By simply being human, Mr Gittoes-Caesar argued, partners and other team leaders will be best placed to ensure optimal wellness – and therefore productivity – from those under their purview.

“Being vulnerable isn’t common in the law (and less so among blokes). I suffer from anxiety and depression, and the fact the people know that makes them willing to talk to me about it, and ask for help.  And otherwise it’s being flexible, and following through – paying lip service to wellness issues is never going to work,” he outlined. 

“Authenticity is key – as is just being kind to people. Yes, we have a business to run, and that means providing people with opportunities – but you can do it without running people into the ground.”

The little things, he noted, can and will be critical.

“I encourage my staff not to work on weekends. We don’t give out our mobile numbers. We provide realistic timeframes, so our staff aren’t under the pump. The line between work and home has never been blurrier – so setting up boundaries between us and our clients is so important.
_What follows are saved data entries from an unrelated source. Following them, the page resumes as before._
Lemma interpolant_complete X : provable X -> interpolated X.
Proof.
case: X => S G D; move: S G D; apply: (derivable_premises_ind (P := interpolated)).
- move=> S S' G G' D D' hS hG hD IHX t Ht [/= h1 h2 h3]; apply: IHX => //.
  by split; [apply: Permutation_trans hS h1 | apply: Permutation_trans hG h2
            | apply: Permutation_trans hD h3].
- exact: interpolated_id.
- exact: interpolated_bot.
- exact: interpolated_left.
- exact: interpolated_right.
- by move=> *; apply: interpolated_DK.
Qed.
End Completeness.

Lemma interpolant_spec : uniform_interpolant s (interpolant s).
Proof.
rewrite /interpolant; case: excluded_middle_informative => [ps|np] /=; first exact: top_interpolant.
split; first by apply: voc_bounded_big_or => d /disjuncts_sound [].
  by apply: big_orL => d /disjuncts_sound [].
by move=> t Ht H; apply: (interpolant_complete np H) => //; split; exact: Permutation_refl.
Qed.
End Construction.

Lemma ui_spec s : uniform_interpolant s (ui s).
Proof.
elim/smaller_ind: s => s IH; apply: epsilon_spec.
by exists (interpolant s); apply: interpolant_spec.
Qed.
End Interpolation.

Theorem theorem6p18 (Agt : finType) (Hne : 0 < #|Agt|)
    (Sigma : seq (grp Agt * form Agt)) (Gamma Delta : seq (form Agt))
    (p : nat) (a : Agt) :
  exists A : form Agt,
    (forall q, var_occ q A ->
       q <> p /\ exists f, In f (map (@boxed Agt) Sigma ++ Gamma ++ Delta) /\ var_occ q f) /\
    (forall b, agt_occ b A ->
       b <> a /\ exists f, In f (map (@boxed Agt) Sigma ++ Gamma ++ Delta) /\ agt_occ b f) /\
    derivable Sigma (A :: Gamma) Delta /\
    (forall (Pi Lambda : seq (form Agt)) (Theta : seq (grp Agt * form Agt)),
       (forall f, In f (map (@boxed Agt) Theta ++ Pi ++ Lambda) ->
          ~ var_occ p f /\ ~ agt_occ a f) ->
       derivable (Theta ++ Sigma) (Pi ++ Gamma) (Delta ++ Lambda) ->
       derivable [::] (map (@boxed Agt) Theta ++ Pi) (A :: Lambda)).
Proof.
have [[Vq Vb] D U] := ui_spec p a (Sequent Sigma Gamma Delta).
exists (ui p a (Sequent Sigma Gamma Delta)); do 3 (split => //).
move=> Pi Lambda Theta Hfree d; apply: derivable_boxes_to_ante; rewrite cats0.
apply: (U (Sequent Theta Pi Lambda)) => //.
by rewrite /provable /=; perm_to (Theta ++ Sigma) (Pi ++ Gamma) (Delta ++ Lambda).
Qed.
Lemma vir_eq_incr_nth_nil n b : vir_eq s u v F 0 n (incr_nth [::] b) =
  - (n.+1%:R / s) * dp n.+1 (dp b.+1 (F 0%N)) [::]
  + (u + v) * n%:R * (if n is 0 then 0 else dp n (dp b.+1 (F 0%N)) [::])
  + (n + b.+1)%:R * dp (n + b.+1) (F 0%N) [::]
  + \sum_(1 <= i < n) (i * (n - i))%:R *
      (dp i (F 0%N) [::] * dp (n - i) (dp b.+1 (F 0%N)) [::]
       + dp i (dp b.+1 (F 0%N)) [::] * dp (n - i) (F 0%N) [::]).
Proof.
have e_neq_nil : (trim (incr_nth [::] b) == [::]) = false.
  by rewrite trim_incr_nth_nil incr_nth_nil; case: b.
rewrite /vir_eq e_neq_nil !andbF addr0 dp_incr_nth_nil; congr (_ + _ + _ + _).
- by case: n => // n; rewrite dp_incr_nth_nil.
- rewrite size_incr_nth /= big_nat_recr //= big1_seq ?add0r; last first.
    move=> j /andP[_]; rewrite mem_index_iota => /andP[j_gt0 lt_jb].
    rewrite /mulp /expo nth_incr_nth nth_nil addn0.
    case: j j_gt0 lt_jb => // j _; rewrite ltnS => lt_jb.
    by rewrite /= (gtn_eqF lt_jb) mulr0.
  rewrite /mulp /expo nth_incr_nth eqxx nth_nil /= set_nth_incr_nth_nil coef_nseq0.
  by rewrite addnS.
- apply: eq_big_nat => i /andP[i_gt0 lt_in].
  rewrite add0r big_ord1 subnn smul_incr_nth_nil.
  case: i i_gt0 lt_in => // i _ lt_in.
  have [k ->] : exists k, (n - i.+1)%N = k.+1.
    by exists (n - i.+1).-1; rewrite prednK // subn_gt0.
  by rewrite !dp_incr_nth_nil.
Qed.

Lemma two_point_rec n b :
  two_point n.+1 b.+1
  = s * ((u + v) * two_point n b.+1 + b.+1%:R * one_point (n + b.+1)
         + 2 * \sum_(i < n.+1) one_point i * two_point (n - i)%N b.+1).
Proof.
have := vir_genus0 n (incr_nth [::] b); rewrite vir_eq_incr_nth_nil.
pose x i := i%:R * dp i (F 0%N) [::].
pose y i := i%:R * dp i (dp b.+1 (F 0%N)) [::].
have -> : (u + v) * n%:R * (if n is 0 then 0 else dp n (dp b.+1 (F 0%N)) [::])
          = (u + v) * n%:R * dp n (dp b.+1 (F 0%N)) [::].
  by case: n => [|n]; rewrite ?mulr0 ?mul0r.
have -> : \sum_(1 <= i < n) (i * (n - i))%:R *
      (dp i (F 0%N) [::] * dp (n - i) (dp b.+1 (F 0%N)) [::]
       + dp i (dp b.+1 (F 0%N)) [::] * dp (n - i) (F 0%N) [::])
    = 2 * \sum_(1 <= i < n) x i * y (n - i)%N.
  rewrite mulr2n mulrDl mul1r -{2}sumr_conv_rev -big_split /=.
  by apply: eq_big_nat => i _; rewrite /x /y natrM; ring.
have -> : \sum_(i < n.+1) one_point i * two_point (n - i)%N b.+1
          = b.+1%:R * \sum_(1 <= i < n) x i * y (n - i)%N.
  rewrite (sumr_ord_interior (G := fun i => one_point i * two_point (n - i)%N b.+1)).
  - rewrite mulr_sumr; apply: eq_bigr => i _.
    by rewrite /one_point /two_point /x /y natrM; ring.
  - by rewrite one_point0 mul0r.
  - by rewrite subnn /two_point mul0n mul0r mulr0.
move=> vir_nb; apply/eqP; rewrite -subr_eq0; apply/eqP.
transitivity (- (s * b.+1%:R) * 0); last by rewrite mulr0.
by rewrite -[in RHS]vir_nb /two_point /one_point !natrM; field.
Qed.

End GenusZero.

(** * The one-point series and the discriminant *)

Section OnePointSeries.
Variables (R : fieldType) (s u v : R) (F : nat -> series R).
Hypothesis s_neq0 : s != 0.
Hypothesis vir_genus0 : forall n m, vir_eq s u v F 0 n m = 0.

Local Notation Q := (one_point F).
Local Notation X := (fpsX R).

Lemma one_point_eq : Q = fpsC s * (fpsC (u + v) * (X * Q) + X * (Q * Q) + fpsC (u * v) * X).
Proof.
apply/funext=> -[|n]; rewrite fpsCM !fpsDE !fpsCM !fpsXM.
  by rewrite one_point0 /fpsX /= !(mulr0, addr0).
by rewrite (one_point_rec s_neq0 vir_genus0) /fpsX eqSS [_%:R * _]mulrC.
Qed.

Definition disc_sqrt : fps R := 1 - fpsC s * fpsC (u + v) * X - 2 * fpsC s * (X * Q).

Lemma disc_sqrt0 : disc_sqrt 0%N = 1.
Proof. by rewrite /disc_sqrt !fpsBE !fpsM0 fps1E /fpsX /= !(mul0r, mulr0, subr0). Qed.

Lemma Apoly_fps : (Apoly s u v : fps R)
  = 1 - 2 * fpsC s * fpsC (u + v) * X + fpsC s ^+ 2 * fpsC (u - v) ^+ 2 * X ^+ 2.
Proof.
have -> : 2 * fpsC s * fpsC (u + v) * X = fpsC (2 * s * (u + v)) * X by ring.
have -> : fpsC s ^+ 2 * fpsC (u - v) ^+ 2 * X ^+ 2
          = fpsC (s ^+ 2 * (u - v) ^+ 2) * (X * X) by ring.
apply/funext=> k; rewrite fpsDE fpsBE fps1E !fpsCM fpsXM.
by case: k => [|[|[|k]]]; rewrite /Apoly /fpsX /=; ring.
Qed.

Lemma disc_sqrt_sq : disc_sqrt * disc_sqrt = Apoly s u v.
Proof.
rewrite Apoly_fps; apply/eqP; rewrite -subr_eq0; apply/eqP.
transitivity (- (2 * 2) * fpsC s * X
              * (Q - fpsC s * (fpsC (u + v) * (X * Q) + X * (Q * Q) + fpsC (u * v) * X))).
  by rewrite /disc_sqrt; ring.
by rewrite -one_point_eq subrr mulr0.
Qed.

Lemma disc_sqrt_deriv :
  fps_deriv disc_sqrt = - (fpsC s * fpsC (u + v)) - 2 * fpsC s * (Q + X * fps_deriv Q).
Proof.
rewrite /disc_sqrt !raddfB /= !fps_derivM.
by rewrite fps_deriv1 fps_deriv_nat !fps_derivC fps_derivX; ring.
Qed.

Lemma Apoly_deriv : fps_deriv (Apoly s u v)
  = 2 * (- (fpsC s * fpsC (u + v)) + fpsC s ^+ 2 * fpsC (u - v) ^+ 2 * X).
Proof.
have -> : 2 * (- (fpsC s * fpsC (u + v)) + fpsC s ^+ 2 * fpsC (u - v) ^+ 2 * X)
          = fpsC (- (2 * s * (u + v))) + fpsC (2 * s ^+ 2 * (u - v) ^+ 2) * X by ring.
apply/funext=> k; rewrite /fps_deriv fpsDE fpsCM.
by case: k => [|[|k]]; rewrite /Apoly /fpsC /fpsX /=; ring.
Qed.

Lemma mul_deriv_of_sq_Apoly (T : fps R) : 2 != 0 :> R -> T * T = Apoly s u v ->
  T * fps_deriv T = - (fpsC s * fpsC (u + v)) + fpsC s ^+ 2 * fpsC (u - v) ^+ 2 * X.
Proof.
move=> two_neq0 sqT; apply/funext=> k.
have := congr1 (fun a : fps R => a k) (fps_deriv_sq T).
by rewrite sqT Apoly_deriv !fps_natM => /(mulfI two_neq0).
Qed.

End OnePointSeries.

(** * The two-point series *)

Section TwoPointSeries.
Variables (R : fieldType) (s u v : R) (F : nat -> series R).
Hypothesis s_neq0 : s != 0.
Hypothesis vir_genus0 : forall n m, vir_eq s u v F 0 n m = 0.

Local Notation Q := (one_point F).
Local Notation H := (two_point F).
Local Notation T := (disc_sqrt s u v F).
Local Notation Y1 := (fpsX (fps R)).
Local Notation Y2 := (fpsC (fpsX R)).
Local Notation mapC := (fps_map (@fpsC R : {rmorphism R -> fps R})).
Local Notation bC c := (fpsC (fpsC c)).

(* y2 d/dy2 of (y1 Q(y1) - y2 Q(y2)) / (y1 - y2) *)
Definition one_point_cross : fps2 R := fun n b => b%:R * Q (n + b)%N.

(* y1 y2 (Q(y1) - Q(y2)) / (y1 - y2) *)
Definition one_point_divdiff : fps2 R :=
  fun i j => if i is i'.+1 then if j is j'.+1 then Q (i' + j').+1 else 0 else 0.

Local Notation K := one_point_cross.
Local Notation M := one_point_divdiff.

Lemma two_point_eq : H = bC s * (bC (u + v) * (Y1 * H) + Y1 * K + 2 * (Y1 * (mapC Q * H))).
Proof.
apply/funext=> i; apply/funext=> j.
rewrite !(fpsCM, fpsDE, fps_natM, coef_fpsXM2).
case: i => [|n]; first by rewrite /two_point mul0n mul0r; ring.
rewrite coef_fps_mapCM2; case: j => [|b]; last by rewrite (two_point_rec s_neq0 vir_genus0).
by rewrite big1 => [|k _]; rewrite /two_point /one_point_cross !muln0; ring.
Qed.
And not bending on that – if a client wants 24/7 access to me, then I am not the lawyer for them,” he advised.

“We need to show clients that we don’t need to be available at the drop of a hat, and that we are better lawyers if we are happy.”

2021 is right around the corner, Mr Gittoes-Caesar mused, which should hopefully bring some respite after such a trying year: “It has to be better, right?”

“Personally, I am excited about doing more in the wellness space – for clients, staff and myself.  That means having the conversations, and bring mental health (and its effect on lawyers) front and centre – which is really exciting to me,” he said.

Such excitement, and passion for workplace wellness – both within his own family law team and more broadly – were rewarded at last week’s Partner of the Year Awards, which he said “means a lot” to him, albeit for different reasons, when asked about the two accolades he received.

“The Family Law one I view very much as a team award – my recognition is as much a by-product of their hard work as mine. The Wellness Advocate one is different – it spurs me on to do a lot more in the mental health space, and do my best to usher in some cultural change, and acceptance around mental health issues and promote a willingness in people to ask for help,” he pledged.